Used by Tree of Life, The Park, Findhorn Bay, Forres IV36 OTZ, Scotland, cited in International Journal of Wilderness, Volume 2, Number 3, December 1996, page 41
The critical question of “standing” would be...put neatly in focus if we fashioned a federal rule that allowed environment issues to be litigated before federal agencies and federal courts in the name of the inanimate object about to be despoiled, defaced or invaded by roads and bulldozers and where injury is the subject of public outrage. Contemporary public concern for protecting nature's ecological equilibrium should lead to the conferral of standing upon environmental objects to sue for their own preservation. See Stone, Should Trees Have Standing?: Toward Legal Rights for Natural Objects, 45 S. Cal. L. Rev. 450 (1972). This suit would therefore be more properly labeled as Mineral King would v. Morton. *** (t)he problem is to make certain that...America's beauty have spokesmen before they are destroyed. *** The voice of the inanimate object, therefore should not be stilled.
Justice William O. Douglas, U.S. Supreme Court, Sierra Club v. Morton, 405 U.S. 727, 741-742, 745, 749 (1972) (Douglas, W. O, dissenting).

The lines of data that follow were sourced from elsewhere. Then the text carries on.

Lemma affine_rec_of_quadratic_rec :
  exists beta delta, forall i, (1 <= i <= d.-1)%N -> s i.-1 + s i.+1 = beta * s i + delta.
Proof.
exists ((eta + k) / th), (B / (th + k)) => i /andP[i1 id].
have id' : (i < d)%N by lia.
have := conic_invariant (_ : i.-1 < d)%N; rewrite prednK // => /(_ (ltnW id')) Qi.
exact: (conic_step id' Qi).1.
Qed.

End AffineRecurrence.

Lemma prod_mulmx_eigvec (F : fieldType) (n : nat) (A : 'M[F]_n.+1) (c : 'I_n.+1 -> F)
    (P : pred 'I_n.+1) (v : 'cV_n.+1) t :
  A *m v = t *: v ->
  (\prod_(l | P l) (A - (c l)%:M)) *m v = (\prod_(l | P l) (t - c l)) *: v.
Proof.
move=> Av; elim/big_rec2: _ => [|l M u _ IH]; first by rewrite mul1mx scale1r.
rewrite -mulmxE -mulmxA IH -scalemxAr mulmxBl Av mul_scalar_mx -scalerBl scalerA.
by rewrite mulrC.
Qed.

Definition colsmx (F : fieldType) (n : nat) (v : 'I_n -> 'cV[F]_n) : 'M[F]_n :=
  \matrix_(i, j) v j i 0.

Lemma colsmx_mul (F : fieldType) (n m : nat) (M : 'M[F]_(m, n)) (v : 'I_n -> 'cV[F]_n) i j :
  (M *m colsmx v) i j = (M *m v j) i 0.
Proof. by rewrite !mxE; apply: eq_bigr => l _; rewrite mxE. Qed.

Lemma colsmx_mul_inj (F : fieldType) (n m : nat) (M1 M2 : 'M[F]_(m, n))
    (v : 'I_n -> 'cV[F]_n) :
  colsmx v \in unitmx -> (forall j, M1 *m v j = M2 *m v j) -> M1 = M2.
Proof.
move=> vU Mv; rewrite -(mulmxK vU M1) -(mulmxK vU M2); congr (_ *m _).
by apply/matrixP => i j; rewrite !colsmx_mul Mv.
Qed.

Lemma eigvecs_unitmx (F : fieldType) (n : nat) (A : 'M[F]_n.+1) (th : 'I_n.+1 -> F)
    (v : 'I_n.+1 -> 'cV[F]_n.+1) :
  injective th -> (forall j, v j != 0) -> (forall j, A *m v j = th j *: v j) ->
  colsmx v \in unitmx.
Proof.
move=> th_inj v_neq0 Av.
rewrite -unitmx_tr -row_free_unit -kermx_eq0; apply/rowV0P => x /sub_kermxP xV.
have comb0 : \sum_l x 0 l *: v l = 0.
  rewrite -[RHS]trmx0 -xV trmx_mul trmxK.
  apply/colP => i; rewrite !mxE summxE; apply: eq_bigr => l _.
  by rewrite !mxE mulrC.
apply/rowP => j; rewrite mxE.
(* The product of the A - th l, l != j, kills every v l except v j. *)
pose P := \prod_(l | l != j) (A - (th l)%:M).
have := congr1 (mulmx P) comb0.
rewrite mulmx0 mulmx_sumr (bigD1 j) //= big1 => [|l lj]; last first.
  by rewrite -scalemxAr (prod_mulmx_eigvec _ _ (Av l)) (bigD1 l) //= subrr mul0r !scale0r scaler0.
rewrite addr0 -scalemxAr (prod_mulmx_eigvec _ _ (Av j)) scalerA => /eqP.
rewrite scaler_eq0 (negbTE (v_neq0 j)) orbF mulf_eq0 => /orP[/eqP //|].
rewrite prodf_seq_eq0 => /hasP[l _ /andP[lj]].
by rewrite subr_eq0 => /eqP /th_inj lE; rewrite lE eqxx in lj.
Qed.

Section PrimitiveIdempotents.
Variables (F : fieldType) (n : nat) (A : 'M[F]_n.+1) (th : 'I_n.+1 -> F)
  (E : 'I_n.+1 -> 'M[F]_n.+1).
Hypothesis A_mult_free : mult_free_with A th.
Hypothesis E_prim : forall i, prim_idem_of A th i (E i).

We're going to be remembered for what we've left of the land rather than what we've built on it.
Jamie Rappaport Clark, Director of the US Fish and Wildlife Service in "Conservationists Win Battles but Fear War Is Lost", New York Times, Tuesday, January 11, 2000, D5 by William K. Stevens
If we are going to whittle away at (significant landscapes), we should recognize, at the very beginning, that the whittlings are cumulative and the end result will be mediocrity.

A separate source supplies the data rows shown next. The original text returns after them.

Definition zmap (w : C2 R) : C3 R :=
  let l : R[i] := w.1 in let m : R[i] := w.2 in
  ((((1 + l * m) / (l - m) : R[i]) : CC R,
    ((1 - l * m) / (l - m) : R[i]) : CC R),
   ((l + m) / (l - m) : R[i]) : CC R).

Definition zinv (z : C3 R) : C2 R :=
  (((c0 z - c1 z) / (c2 z - 1) : R[i]) : CC R,
   ((c0 z - c1 z) / (c2 z + 1) : R[i]) : CC R).

(* tubes tau^{eps,eps'} in C^2; eps = true means "+" *)
Definition sgn (b : bool) : R := if b then 1 else -1.
Definition tau (eps eps' : bool) : set (C2 R) :=
  [set w | 0 < sgn eps * complex.Im (w.1 : R[i]) /\ 0 < sgn eps' * complex.Im (w.2 : R[i])].

Definition delta : set (C2 R) := [set w | (w.1 : R[i]) = w.2].

Definition holomorphic_on {V W : normedModType (CC R)} (D : set V) (f : V -> W) :=
  open D /\ forall x, D x -> differentiable f x.

Definition holomorphic_on_sub {W : normedModType (CC R)} (E : set (C3 R))
    (g : C3 R -> W) :=
  forall z, E z -> exists U : set (C3 R), [/\ open U, U z &
     exists G : C3 R -> W, (forall u, U u -> differentiable G u) /\
                           (forall u, U u -> E u -> G u = g u)].

Definition biholomorphic (D : set (C2 R)) (E : set (C3 R))
    (f : C2 R -> C3 R) (g : C3 R -> C2 R) :=
  [/\ forall w, D w -> E (f w),
      forall z, E z -> D (g z) /\ f (g z) = z,
      forall w, D w -> g (f w) = w,
      holomorphic_on D f &
      holomorphic_on_sub E g].

End Defs.

From HB Require Import structures.
From mathcomp Require Import all_boot all_order all_algebra.
From mathcomp Require Import all_classical all_reals all_analysis.
From mathcomp.real_closed Require Import complex.
From mathcomp Require Import ring lra.
Import Order.TTheory GRing.Theory Num.Theory.
Import numFieldNormedType.Exports.
Local Open Scope ring_scope.
Local Open Scope classical_set_scope.
Set Implicit Arguments. Unset Strict Implicit. Unset Printing Implicit Defensive.

(* Put D = |λ - μ|^2 and x + i y = z(λ, μ).  Direct computation gives
     y^2 D = -4 Im λ Im μ   and   (y0 + y1) D = 2 (Im μ - Im λ),
   so z(λ, μ) lies in T^+ (resp. T^-) exactly when Im λ < 0 < Im μ (resp. the reverse).
   When y^2 < 0, the equations [x.y] = 0 and x^2 = y^2 - 1 of X^(c) make the Euclidean
   cross product x × y timelike (Lagrange's identity), so det(e, x, y) = e . (x × y) has
   the sign of (x × y)_0 for every e in V^+, and (x × y)_0 D = Im λ (1 + |μ|^2) +
   Im μ (1 + |λ|^2); this describes T_<- and T_->.  On X^(c), y^2 <> 0 forces the four
   factors of (z0 - z1)(z0 + z1) = (z2 - 1)(z2 + 1) to be nonzero, which is what makes
   both formulas for the inverse defined, equal, holomorphic and inverse to z. *)

Section ConeSigns.
Variable F : realFieldType.

Lemma sgr_timelike_pairing (e0 e1 e2 m0 m1 m2 : F) :
  0 < e0 -> 0 < e0 * e0 - e1 * e1 - e2 * e2 -> 0 < m0 * m0 - m1 * m1 - m2 * m2 ->
  Num.sg (e0 * m0 + e1 * m1 + e2 * m2) = Num.sg m0.
Proof.
move=> e0_gt0 e_timelike m_timelike.
(* |e1 m1 + e2 m2|^2 <= (e1^2 + e2^2) (m1^2 + m2^2) < e0^2 m0^2, so e0 m0 dominates. *)
have cauchy_schwarz : (e1 * m1 + e2 * m2) ^+ 2 <= (e1 * e1 + e2 * e2) * (m1 * m1 + m2 * m2).
  by have := sqr_ge0 (e1 * m2 - e2 * m1); nra.
have e_spatial : 0 <= (e0 * e0 - e1 * e1 - e2 * e2) * (m1 * m1 + m2 * m2).
  by rewrite mulr_ge0 ?(ltW e_timelike) // addr_ge0 // -expr2 sqr_ge0.
have m_scaled : 0 < (e0 * e0) * (m0 * m0 - m1 * m1 - m2 * m2) by rewrite mulr_gt0 ?mulr_gt0.
have [m0_lt0|m0_gt0|m0_eq0] := ltrgtP m0 0.
- rewrite (ltr0_sg m0_lt0) ltr0_sg //.
  have e0m0_lt0 : e0 * m0 < 0 by nra.
  nra.
- rewrite (gtr0_sg m0_gt0) gtr0_sg //.
  have e0m0_gt0 : 0 < e0 * m0 by nra.
  nra.
- by move: m_timelike; rewrite m0_eq0; have := sqr_ge0 m1; have := sqr_ge0 m2; nra.
Qed.

Lemma future_cone_iff (y0 y1 y2 b d D : F) : 0 < D ->
  (y0 * y0 - y1 * y1 - y2 * y2) * D = -4 * b * d -> (y0 + y1) * D = 2 * (d - b) ->
  (0 < y0 * y0 - y1 * y1 - y2 * y2 /\ 0 < y0) <-> (b < 0 /\ 0 < d).
Proof.
move=> D_gt0 qE sE; split=> [[q_gt0 y0_gt0]|[b_lt0 d_gt0]].
  have bd_lt0 : b * d < 0 by nra.
  have y01_gt0 : 0 < y0 + y1 by nra.
  have b_lt_d : b < d by nra.
  split; nra.
have q_gt0 : 0 < y0 * y0 - y1 * y1 - y2 * y2 by nra.
have y01_gt0 : 0 < y0 + y1 by nra.
split=> //; nra.
Qed.

Lemma past_cone_iff (y0 y1 y2 b d D : F) : 0 < D ->
  (y0 * y0 - y1 * y1 - y2 * y2) * D = -4 * b * d -> (y0 + y1) * D = 2 * (d - b) ->
  (0 < y0 * y0 - y1 * y1 - y2 * y2 /\ y0 < 0) <-> (0 < b /\ d < 0).
Proof.
move=> D_gt0 qE sE.
have qE' : (- y0 * - y0 - - y1 * - y1 - - y2 * - y2) * D = -4 * - b * - d.
  by rewrite !mulrNN qE; ring.
have sE' : (- y0 + - y1) * D = 2 * (- d - - b) by rewrite -opprD mulNr sE; ring.
by have := future_cone_iff D_gt0 qE' sE'; rewrite !mulrNN !oppr_gt0 oppr_lt0.
Qed.

Lemma spacelike_iff (q n b d D A B : F) : 0 < D -> 0 < A -> 0 < B ->
  q * D = -4 * b * d -> n * D = b * A + d * B ->
  (q < 0 /\ 0 < n) <-> (0 < b /\ 0 < d).
Proof.
move=> D_gt0 A_gt0 B_gt0 qE nE; split=> [[q_lt0 n_gt0]|[b_gt0 d_gt0]]; last by split; nra.
have bd_gt0 : 0 < b * d by nra.
have bAdB_gt0 : 0 < b * A + d * B by nra.
have [b_lt0|b_gt0|b_eq0] := ltrgtP b 0.
- have d_lt0 : d < 0 by nra.
  have bA_lt0 : b * A < 0 by nra.
  have dB_lt0 : d * B < 0 by nra.
  lra.
- by split=> //; nra.
- by move: bd_gt0; rewrite b_eq0 mul0r ltxx.
Qed.

Lemma spacelike_neg_iff (q n b d D A B : F) : 0 < D -> 0 < A -> 0 < B ->
  q * D = -4 * b * d -> n * D = b * A + d * B ->
  (q < 0 /\ n < 0) <-> (b < 0 /\ d < 0).
Proof.
move=> D_gt0 A_gt0 B_gt0 qE nE.
have qE' : q * D = -4 * - b * - d by rewrite qE; ring.
have nE' : - n * D = - b * A + - d * B by rewrite mulNr nE; ring.
by have := spacelike_iff D_gt0 A_gt0 B_gt0 qE' nE'; rewrite !oppr_gt0.
Qed.
End ConeSigns.

(* Determinant expansion and the index arithmetic in [cross] produce ordinals of 'I_3
   that are equal but not syntactically 0, 1 or 2%:R; [canonical_rv3_entries] rewrites
   every entry [v i j] of a row vector to one of these three indices, so that [ring]
   sees equal atoms. *)
Ltac canonical_ord3 j :=
  let k := eval compute in (nat_of_ord j) in
  match k with
  | 0%N => constr:(0 : 'I_3) | 1%N => constr:(1 : 'I_3) | 2%N => constr:(2%:R : 'I_3)
  end.

Ltac canonical_rv3_entries :=
  repeat match goal with
  | |- context [@fun_of_matrix ?T 1 3 ?v ?i ?j] =>
    let j' := canonical_ord3 j in
    tryif constr_eq j j' then fail
    else have -> : v i j = v i j' by congr (v _ _); apply: val_inj
  end.

Section Tubes.
Variable R : realType.
Local Notation Re := (@complex.Re R).
Local Notation Im := (@complex.Im R).

Definition cross (x y : 'rV[R]_3) : 'rV[R]_3 :=
  \row_(j < 3) (x 0 (j + 1) * y 0 (j + 2%:R) - x 0 (j + 2%:R) * y 0 (j + 1)).

Lemma det3E (e x y : 'rV[R]_3) :
  det3 e x y = e 0 0 * cross x y 0 0 + e 0 1 * cross x y 0 1 + e 0 2%:R * cross x y 0 2%:R.
Proof.
rewrite /det3 (expand_det_row _ 0) !big_ord_recr big_ord0 /= add0r /cofactor.
rewrite !(expand_det_row _ 0) !big_ord_recr big_ord0 /= !add0r /cofactor.
rewrite !det_mx11 !big_ord0 !mxE /=.
canonical_rv3_entries; ring.
Qed.

Lemma minkR_cross (x y : 'rV[R]_3) :
  minkR (cross x y) (cross x y) = minkR x x * minkR y y - minkR x y ^+ 2.
Proof. rewrite /minkR !mxE; canonical_rv3_entries; ring. Qed.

Newton Drury, former director, National Park Service
Only public ownership can reliably, certainly and durably allow certain natural processes the room they need.
Carl Pope, Executive Director, Sierra Club in "Downpayments on the Rewilding of America" in Wild Earth Winter 1998/99 8(4) page 37
The concept of conservation is a far truer sign of civilization than that spoilation of a continent which we once confused with progress.
Peter Matthiessen, Wildlife in America (1959, p. 21)
You can't break nature's laws; you can only prove them.